__WORK ORDER__
Among the entries below, one line contains "move=> [cardT strongD]" and another contains "by case: eqP". Transcribe those two lines and every line between them, exactly.

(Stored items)
(* Let $n,k$ be positive integers with $n \geq 2k+1$, and let $TT_n$ be the transitive (acyclic) tournament on $n$ vertices. Then \[ \mathrm{sinv}_k(TT_n) = \mathrm{sinv}'_k(TT_n) = \begin{cases} 2 & \text{if } 2k+1 \leq n < 3k,\\ 1 & \text{if } 3k \leq n. \end{cases} \]
   Context: A tournament is an orientation of a complete graph; $TT_n$ denotes the unique (up to isomorphism) acyclic tournament on $n$ vertices. For a digraph $D$ and $X \subseteq V(D)$, inverting $X$ means reversing the direction of every arc of $D$ with both endvertices in $X$. A digraph $D$ is $k$-arc-strong if for every partition $(V_1,V_2)$ of $V(D)$ into nonempty sets there are at least $k$ arcs from $V_1$ to $V_2$; it is $k$-strong if $|V(D)|\ge k+1$ and $D-S$ is strongly connected for every $S\subseteq V(D)$ with $|S|<k$. $\mathrm{sinv}'_k(D)$ (resp. $\mathrm{sinv}_k(D)$) is the minimum number of sets whose successive inversion transforms $D$ into a $k$-arc-strong (resp. $k$-strong) digraph. *)

From mathcomp Require Import all_boot.
Set Implicit Arguments. Unset Strict Implicit. Unset Printing Implicit Defensive.

Definition digraph (T : finType) := rel T.

Definition TT (n : nat) : digraph 'I_n := fun i j => (i < j)%N.
Arguments TT n : clear implicits.

Definition invert (T : finType) (D : digraph T) (X : {set T}) : digraph T :=
  fun x y => if (x \in X) && (y \in X) then D y x else D x y.

Definition invert_seq (T : finType) (D : digraph T) (s : seq {set T}) : digraph T :=
  foldl (@invert T) D s.

Definition arcs_out (T : finType) (D : digraph T) (V1 : {set T}) : nat :=
  #|[set p : T * T | [&& p.1 \in V1, p.2 \notin V1 & D p.1 p.2]]|.

Definition k_arc_strong (T : finType) (k : nat) (D : digraph T) : Prop :=
  forall V1 : {set T}, V1 != set0 -> ~: V1 != set0 -> (k <= arcs_out D V1)%N.

Definition strong_minus (T : finType) (D : digraph T) (S : {set T}) : Prop :=
  forall x y : T, x \notin S -> y \notin S ->
    connect [rel u v | [&& D u v, u \notin S & v \notin S]] x y.

Definition k_strong (T : finType) (k : nat) (D : digraph T) : Prop :=
  (k + 1 <= #|T|)%N /\
  forall S : {set T}, (#|S| < k)%N -> strong_minus D S.

Definition sinv_is (T : finType) (P : digraph T -> Prop) (D : digraph T) (m : nat) : Prop :=
  (exists s : seq {set T}, size s = m /\ P (invert_seq D s)) /\
  (forall s : seq {set T}, P (invert_seq D s) -> (m <= size s)%N).

Definition sinv_eq (T : finType) (k : nat) (D : digraph T) (m : nat) : Prop :=
  sinv_is (k_strong k) D m.
Definition sinv'_eq (T : finType) (k : nat) (D : digraph T) (m : nat) : Prop :=
  sinv_is (k_arc_strong k) D m.

(* With no inversion the last vertex of TT_n is a sink.  One inversion of a set X leaves a
   vertex of in- or out-degree below k when n < 3k: a vertex outside X among the first
   (last) k vertices has fewer than k in- (out-)neighbours, and if X contains all of these
   then vertex 0 dominates only the n - 2k < k middle vertices outside X.  As k-strong
   implies k-arc-strong, these lower bounds hold for both parameters.  Conversely, inverting
   the first and last k vertices (n >= 3k), or the even and then the odd vertices
   (n >= 2k + 1), yields a k-strong tournament: after deleting fewer than k vertices, a
   pigeonhole argument finds surviving vertices forming a cycle that every surviving vertex
   reaches and is reached from. *)

From mathcomp Require Import all_boot zify.
Set Implicit Arguments. Unset Strict Implicit. Unset Printing Implicit Defensive.

Section Digraphs.

Variables (T : finType) (D : digraph T).

Definition minus_rel (S : {set T}) : rel T :=
  [rel u v | [&& D u v, u \notin S & v \notin S]].

Lemma minus_arc (S : {set T}) u v :
  u \notin S -> v \notin S -> D u v -> connect (minus_rel S) u v.
Proof. by move=> uS vS Duv; apply: connect1; apply/and3P. Qed.

Lemma connect_cross (e : rel T) (V : {set T}) x y :
  connect e x y -> x \in V -> y \notin V ->
  exists u w, [/\ u \in V, w \notin V & e u w].
Proof.
move/connectP=> [p + ->] {y}; elim: p x => [|z p IHp] x /=; first by move=> _ ->.
move=> /andP[exz zp] xV; have [zV|zV] := boolP (z \in V); first exact: IHp.
by exists x, z.
Qed.

Lemma k_strong_arc_strong k : k_strong k D -> k_arc_strong k D.
Proof.
move=> [cardT strongD] V V_n0 CV_n0; rewrite leqNgt /arcs_out; set A := [set _ | _].
apply/negP => few.
have [x0 x0V [y0 y0V nDxy]] : exists2 x0, x0 \in V & exists2 y0, y0 \notin V & ~~ D x0 y0.
  (* otherwise the cut is complete, with |V| |~: V| >= #|T| - 1 >= k arcs *)
  have [/exists_inP[x0 x0V /exists_inP[y0]]|/exists_inPn full] :=
    boolP [exists x0 in V, exists y0 in ~: V, ~~ D x0 y0].
    by rewrite inE => y0V nDxy; exists x0 => //; exists y0.
  have /subset_leq_card : setX V (~: V) \subset A.
    apply/subsetP => -[a b]; rewrite !inE /= => /andP[aV bV].
    by move: (full a aV) => /exists_inPn/(_ b); rewrite inE bV negbK aV => /(_ isT) ->.
  move: (cardsC V) V_n0 CV_n0 cardT; rewrite cardsX -!card_gt0; nia.
(* Deleting, for every cut arc, an endpoint other than x0 removes fewer than k vertices,
   none of them x0 or y0 (as x0 y0 is not an arc), yet kills every cut arc. *)
pose endpoint (p : T * T) := if p.1 == x0 then p.2 else p.1.
have : connect (minus_rel (endpoint @: A)) x0 y0.
  apply: strongD; first exact: leq_ltn_trans (leq_imset_card _ _) few.
    apply/imsetP => -[[a b]]; rewrite inE /endpoint /= => /and3P[aV bV _].
    by case: eqP => [_ b_x0|a_x0 a_x0']; [move: bV; rewrite -b_x0 x0V | apply: a_x0].
  apply/imsetP => -[[a b]]; rewrite inE /endpoint /= => /and3P[aV bV Dab].
  case: eqP => [a_x0 b_y0|_ a_y0]; first by move: nDxy; rewrite -a_x0 b_y0 Dab.
  by move: y0V; rewrite a_y0 aV.
move/connect_cross/(_ x0V y0V) => [u [w [uV wV /and3P[Duw uS wS]]]].
have /(imset_f endpoint) : (u, w) \in A by rewrite inE /= uV wV Duw.
by rewrite /endpoint /=; case: eqP => _ /= cov; [rewrite cov in wS | rewrite cov in uS].
Qed.

Lemma arc_strong_outdeg k : 1 < #|T| -> k_arc_strong k D ->
  forall x, k <= #|[set y | D x y]|.
Proof.
move=> T_gt1 arcD x; apply: leq_trans (arcD [set x] _ _) _.
- by apply/set0Pn; exists x; rewrite inE.
- by rewrite -card_gt0 cardsC1; lia.
apply: leq_trans (leq_imset_card (pair x) _); apply/subset_leq_card/subsetP => -[a b].
by rewrite !inE /= => /and3P[/eqP-> _ Dxb]; apply: imset_f; rewrite inE.
Qed.

Lemma arc_strong_indeg k : 1 < #|T| -> k_arc_strong k D ->
  forall x, k <= #|[set y | D y x]|.
Proof.
move=> T_gt1 arcD x; apply: leq_trans (arcD (~: [set x]) _ _) _.
- by rewrite -card_gt0 cardsC1; lia.
- by rewrite setCK; apply/set0Pn; exists x; rewrite inE.
apply: leq_trans (leq_imset_card (pair^~ x) _); apply/subset_leq_card/subsetP => -[a b].
by rewrite !inE negbK /= => /and3P[_ /eqP-> Dax]; apply: imset_f; rewrite inE.
Qed.

End Digraphs.

Lemma block_avoiding (T : finType) k m (f : 'I_k -> 'I_m -> T) (S : {set T}) :
  (forall i i' j j', f i j = f i' j' -> i = i') -> #|S| < k ->
  exists i, forall j, f i j \notin S.
Proof.
move=> f_inj ltSk.
have [/existsP[i /forallP avoid]|/existsPn meets] := boolP [exists i, [forall j, f i j \notin S]].
  by exists i.
have /fin_all_exists[h hS] : forall i, exists j, f i j \in S.
  by move=> i; have /forallPn[j] := meets i; rewrite negbK; exists j.
have g_inj : injective (fun i => f i (h i)) by move=> i i' /f_inj.
have /subset_leq_card : [set f i (h i) | i : 'I_k] \subset S.
  by apply/subsetP => _ /imsetP[i _ ->].
by rewrite card_imset // card_ord leqNgt ltSk.
Qed.

Lemma leq_card_interval n (A : {set 'I_n}) lo hi :
  (forall a, a \in A -> lo <= a < hi) -> #|A| <= hi - lo.
Proof.
move=> A_sub; rewrite cardE -(size_map val) -(size_iota lo (hi - lo)).
apply: uniq_leq_size; first by rewrite map_inj_uniq ?enum_uniq //; apply: val_inj.
move=> x /mapP[a]; rewrite mem_enum => /A_sub/andP[lo_a a_hi] ->.
rewrite mem_iota /=; lia.
Qed.

Lemma interval_avoiding n k lo (S : {set 'I_n}) :
  lo + k <= n -> #|S| < k -> exists2 v : 'I_n, v \notin S & lo <= v < lo + k.
Proof.
case: n S => [|n] S le_n ltSk; first lia.
have valE (i : 'I_k) : @inord n (lo + i) = lo + i :> nat.
  by rewrite inordK //; have := ltn_ord i; lia.
have [|i avoid] := @block_avoiding _ k 1 (fun i _ => inord (lo + i)) S _ ltSk.
  by move=> i i' _ _ /(congr1 val) /=; rewrite !valE => /addnI/val_inj.
by exists (inord (lo + i)); [exact: avoid ord0 | rewrite valE leq_addr ltn_add2l ltn_ord].
Qed.

Lemma parity_pair_avoiding n k a (S : {set 'I_n}) :
  2 * k + a <= n -> #|S| < k ->
  exists u v : 'I_n, [/\ u \notin S, v \notin S, odd u = odd a, odd v = ~~ odd a & u < v].
Proof.
case: n S => [|n] S le_n ltSk; first lia.
have valE (i : 'I_k) (j : 'I_2) : @inord n (2 * i + a + j) = 2 * i + a + j :> nat.
  by rewrite inordK //; have := ltn_ord i; have := ltn_ord j; lia.
have [|i avoid] := @block_avoiding _ k 2 (fun i j => inord (2 * i + a + j)) S _ ltSk.
  move=> i i' j j' /(congr1 val) /=; rewrite !valE => eq_ii'; apply: val_inj => /=.
  by have := ltn_ord j; have := ltn_ord j'; lia.
exists (inord (2 * i + a + @ord0 1)), (inord (2 * i + a + @ord_max 1)).
by split; rewrite ?avoid ?valE //= ?addn0 ?addn1 ?oddD ?oddM /= ?addbF ?addbb //; lia.
Qed.

Lemma TT_not_arc_strong n k : 0 < k -> 1 < n -> ~ k_arc_strong k (TT n).
Proof.
case: n => [//|n] k_gt0 n_gt1 /arc_strong_outdeg; rewrite card_ord => /(_ n_gt1 ord_max).
suff -> : [set y | TT n.+1 ord_max y] = set0 by rewrite cards0 leqNgt k_gt0.
by apply/setP => y; rewrite !inE /TT ltnNge -ltnS ltn_ord.
Qed.

Lemma invert_TT_not_arc_strong n k (X : {set 'I_n}) :
  1 < n -> n < 3 * k -> ~ k_arc_strong k (invert (TT n) X).
Proof.
move=> n_gt1 n_lt3k arcD.
have ord_gt1 : 1 < #|'I_n| by rewrite card_ord.
have outdeg (v : 'I_n) : k <= #|[set y | invert (TT n) X v y]|.
  exact: arc_strong_outdeg ord_gt1 arcD v.
have indeg (v : 'I_n) : k <= #|[set y | invert (TT n) X y v]|.
  exact: arc_strong_indeg ord_gt1 arcD v.
have arcE x y : invert (TT n) X x y = if (x \in X) && (y \in X) then y < x else x < y by [].
have notX_ge v : v \notin X -> k <= v.
  move=> vX; rewrite -[v : nat]subn0; apply: leq_trans (indeg v) (leq_card_interval _).
  by move=> a; rewrite inE arcE (negbTE vX) andbF.
have notX_lt v : v \notin X -> v + k < n.
  move=> vX; have := outdeg v; have := ltn_ord v.
  suff : #|[set y | invert (TT n) X v y]| <= n - v.+1 by lia.
  by apply: leq_card_interval => b; rewrite inE arcE (negbTE vX) /= => ->; rewrite ltn_ord.
have n_gt0 : 0 < n by lia.
have X0 : Ordinal n_gt0 \in X by apply: contraT => /notX_ge /=; lia.
have : #|[set y | invert (TT n) X (Ordinal n_gt0) y]| <= (n - k) - k.
  apply: leq_card_interval => b; rewrite inE arcE X0 /=.
  by case: ifP => // bX _; have := notX_ge b; have := notX_lt b; rewrite bX; lia.
have := outdeg (Ordinal n_gt0); lia.
Qed.

Lemma strong_minus_invert_TT_ends n k (S : {set 'I_n}) :
  3 * k <= n -> #|S| < k ->
  strong_minus (invert (TT n) [set i : 'I_n | (i < k) || (n - k <= i)]) S.
Proof.
move=> n_ge3k ltSk; set D := invert _ _; pose E := minus_rel D S.
have arc x y : x \notin S -> y \notin S ->
    (if ((x < k) || (n - k <= x)) && ((y < k) || (n - k <= y)) then y < x else x < y) ->
    connect E x y.
  by move=> xS yS Dxy; apply: minus_arc; rewrite // /D /invert /TT !inE.
have [|f fS /andP[_ f_lt]] := @interval_avoiding n k 0 S _ ltSk; first lia.
have [|m mS /andP[m_ge m_lt]] := @interval_avoiding n k k S _ ltSk; first lia.
have [|l lS /andP[l_ge _]] := @interval_avoiding n k (n - k) S _ ltSk; first lia.
have fm : connect E f m by apply: arc => //; case: ifP; lia.
have ml : connect E m l by apply: arc => //; case: ifP; lia.
have lf : connect E l f by apply: arc => //; case: ifP; lia.
move=> x y xS yS; apply: (@connect_trans _ _ m).
  have := ltn_ord x; case: (ltnP x k) => [x_lo|x_ge] x_lt.
    by apply: arc => //; case: ifP; lia.
  have [x_mid|x_hi] := ltnP x (n - k).
    by apply: connect_trans (connect_trans _ lf) fm; apply: arc => //; case: ifP; lia.
  by apply: connect_trans fm; apply: arc => //; case: ifP; lia.
have := ltn_ord y; case: (ltnP y k) => [y_lo|y_ge] y_lt.
  by apply: connect_trans ml _; apply: arc => //; case: ifP; lia.
have [y_mid|y_hi] := ltnP y (n - k).
  by apply: connect_trans ml (connect_trans lf _); apply: arc => //; case: ifP; lia.
by apply: arc => //; case: ifP; lia.
Qed.

Lemma strong_minus_invert_TT_parity n k (S : {set 'I_n}) :
  2 * k + 1 <= n -> #|S| < k ->
  strong_minus (invert_seq (TT n) [:: [set i : 'I_n | ~~ odd i]; [set i : 'I_n | odd i]]) S.
Proof.
move=> n_ge ltSk; set D := invert_seq _ _; pose E := minus_rel D S.
have arcE x y : D x y = if odd x == odd y then y < x else x < y.
  by rewrite /D /= /invert /TT !inE; case: (odd x); case: (odd y).
pose class b := [pred v : 'I_n | (v \notin S) && (odd v == b)].
have down b x y : class b x -> class b y -> y <= x -> connect E x y.
  move=> /andP[xS /eqP xb] /andP[yS /eqP yb]; rewrite leq_eqVlt => /orP[/eqP/val_inj-> //|lt_yx].
  by apply: minus_arc; rewrite // arcE xb yb eqxx.
have up b x y : class b x -> class (~~ b) y -> x < y -> connect E x y.
  move=> /andP[xS /eqP xb] /andP[yS /eqP yb] lt_xy.
  by apply: minus_arc; rewrite // arcE xb yb; case: b {xb yb}.
have [|e1 [o1 [e1S o1S e1_par o1_par lt_eo]]] := @parity_pair_avoiding n k 0 S _ ltSk.
  lia.
have [|o2 [e2 [o2S e2S o2_par e2_par lt_oe]]] := @parity_pair_avoiding n k 1 S _ ltSk.
  lia.
have e1P : class false e1 by rewrite /= e1S e1_par.
have o1P : class true o1 by rewrite /= o1S o1_par.
have e2P : class false e2 by rewrite /= e2S e2_par.
have o2P : class true o2 by rewrite /= o2S o2_par.
case: (arg_minnP val e1P) => eb ebP eb_min.
case: (arg_maxnP val e1P) => et etP et_max.
case: (arg_minnP val o1P) => ob obP ob_min.
case: (arg_maxnP val o1P) => ot otP ot_max.
(* the extreme vertices of each parity class lie on the cycle eb -> ot -> ob -> et -> eb *)
have eb_ot : connect E eb ot.
  exact: up ebP otP (leq_ltn_trans (eb_min _ e1P) (leq_trans lt_eo (ot_max _ o1P))).
have ob_et : connect E ob et.
  exact: up obP etP (leq_ltn_trans (ob_min _ o2P) (leq_trans lt_oe (et_max _ e2P))).
have ot_ob : connect E ot ob := down _ _ _ otP obP (ob_min _ otP).
have et_eb : connect E et eb := down _ _ _ etP ebP (eb_min _ etP).
move=> x y xS yS; apply: (@connect_trans _ _ eb).
  have : class (odd x) x by rewrite /= xS eqxx.
  case: (odd x) => xP; last exact: down xP ebP (eb_min _ xP).
  exact: connect_trans (down _ _ _ xP obP (ob_min _ xP)) (connect_trans ob_et et_eb).
apply: connect_trans eb_ot _; have : class (odd y) y by rewrite /= yS eqxx.
case: (odd y) => yP; first exact: down otP yP (ot_max _ yP).
exact: connect_trans ot_ob (connect_trans ob_et (down _ _ _ etP yP (et_max _ yP))).
Qed.

Lemma sinv_eq_sandwich (T : finType) k (D : digraph T) m :
  (exists2 s, size s = m & k_strong k (invert_seq D s)) ->
  (forall s, k_arc_strong k (invert_seq D s) -> m <= size s) ->
  sinv_eq k D m /\ sinv'_eq k D m.
Proof.
move=> [s size_s strong_s] lower; do 2 split.
- by exists s.
- by move=> t /k_strong_arc_strong; apply: lower.
- by exists s; split=> //; apply: k_strong_arc_strong.
- exact: lower.
Qed.

Theorem theorem5p9 (n k : nat) :
  (0 < k)%N -> (2 * k + 1 <= n)%N ->
  let v := if (n < 3 * k)%N then 2 else 1 in
  sinv_eq k (TT n) v /\ sinv'_eq k (TT n) v.
Proof.
move=> k_gt0 n_ge v; have n_gt1 : 1 < n by lia.
apply: sinv_eq_sandwich.
  rewrite /v; case: ltnP => [n_lt3k|n_ge3k].
    exists [:: [set i : 'I_n | ~~ odd i]; [set i : 'I_n | odd i]] => //.
    split=> [|S ltSk]; first by rewrite card_ord; lia.
    exact: strong_minus_invert_TT_parity n_ge ltSk.
  exists [:: [set i : 'I_n | (i < k) || (n - k <= i)]] => //.
  split=> [|S ltSk]; first by rewrite card_ord; lia.
  exact: strong_minus_invert_TT_ends n_ge3k ltSk.
move=> [|X [|Y s]] /= arcD; rewrite /v.
- by case: (TT_not_arc_strong k_gt0 n_gt1 arcD).
- by case: ifP => // n_lt3k; case: (invert_TT_not_arc_strong n_gt1 n_lt3k arcD).
- by case: ifP.
Qed.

__OUTPUT FOR THIS TASK__
move=> [cardT strongD] V V_n0 CV_n0; rewrite leqNgt /arcs_out; set A := [set _ | _].
apply/negP => few.
have [x0 x0V [y0 y0V nDxy]] : exists2 x0, x0 \in V & exists2 y0, y0 \notin V & ~~ D x0 y0.
  (* otherwise the cut is complete, with |V| |~: V| >= #|T| - 1 >= k arcs *)
  have [/exists_inP[x0 x0V /exists_inP[y0]]|/exists_inPn full] :=
    boolP [exists x0 in V, exists y0 in ~: V, ~~ D x0 y0].
    by rewrite inE => y0V nDxy; exists x0 => //; exists y0.
  have /subset_leq_card : setX V (~: V) \subset A.
    apply/subsetP => -[a b]; rewrite !inE /= => /andP[aV bV].
    by move: (full a aV) => /exists_inPn/(_ b); rewrite inE bV negbK aV => /(_ isT) ->.
  move: (cardsC V) V_n0 CV_n0 cardT; rewrite cardsX -!card_gt0; nia.
(* Deleting, for every cut arc, an endpoint other than x0 removes fewer than k vertices,
   none of them x0 or y0 (as x0 y0 is not an arc), yet kills every cut arc. *)
pose endpoint (p : T * T) := if p.1 == x0 then p.2 else p.1.
have : connect (minus_rel (endpoint @: A)) x0 y0.
  apply: strongD; first exact: leq_ltn_trans (leq_imset_card _ _) few.
    apply/imsetP => -[[a b]]; rewrite inE /endpoint /= => /and3P[aV bV _].
    by case: eqP => [_ b_x0|a_x0 a_x0']; [move: bV; rewrite -b_x0 x0V | apply: a_x0].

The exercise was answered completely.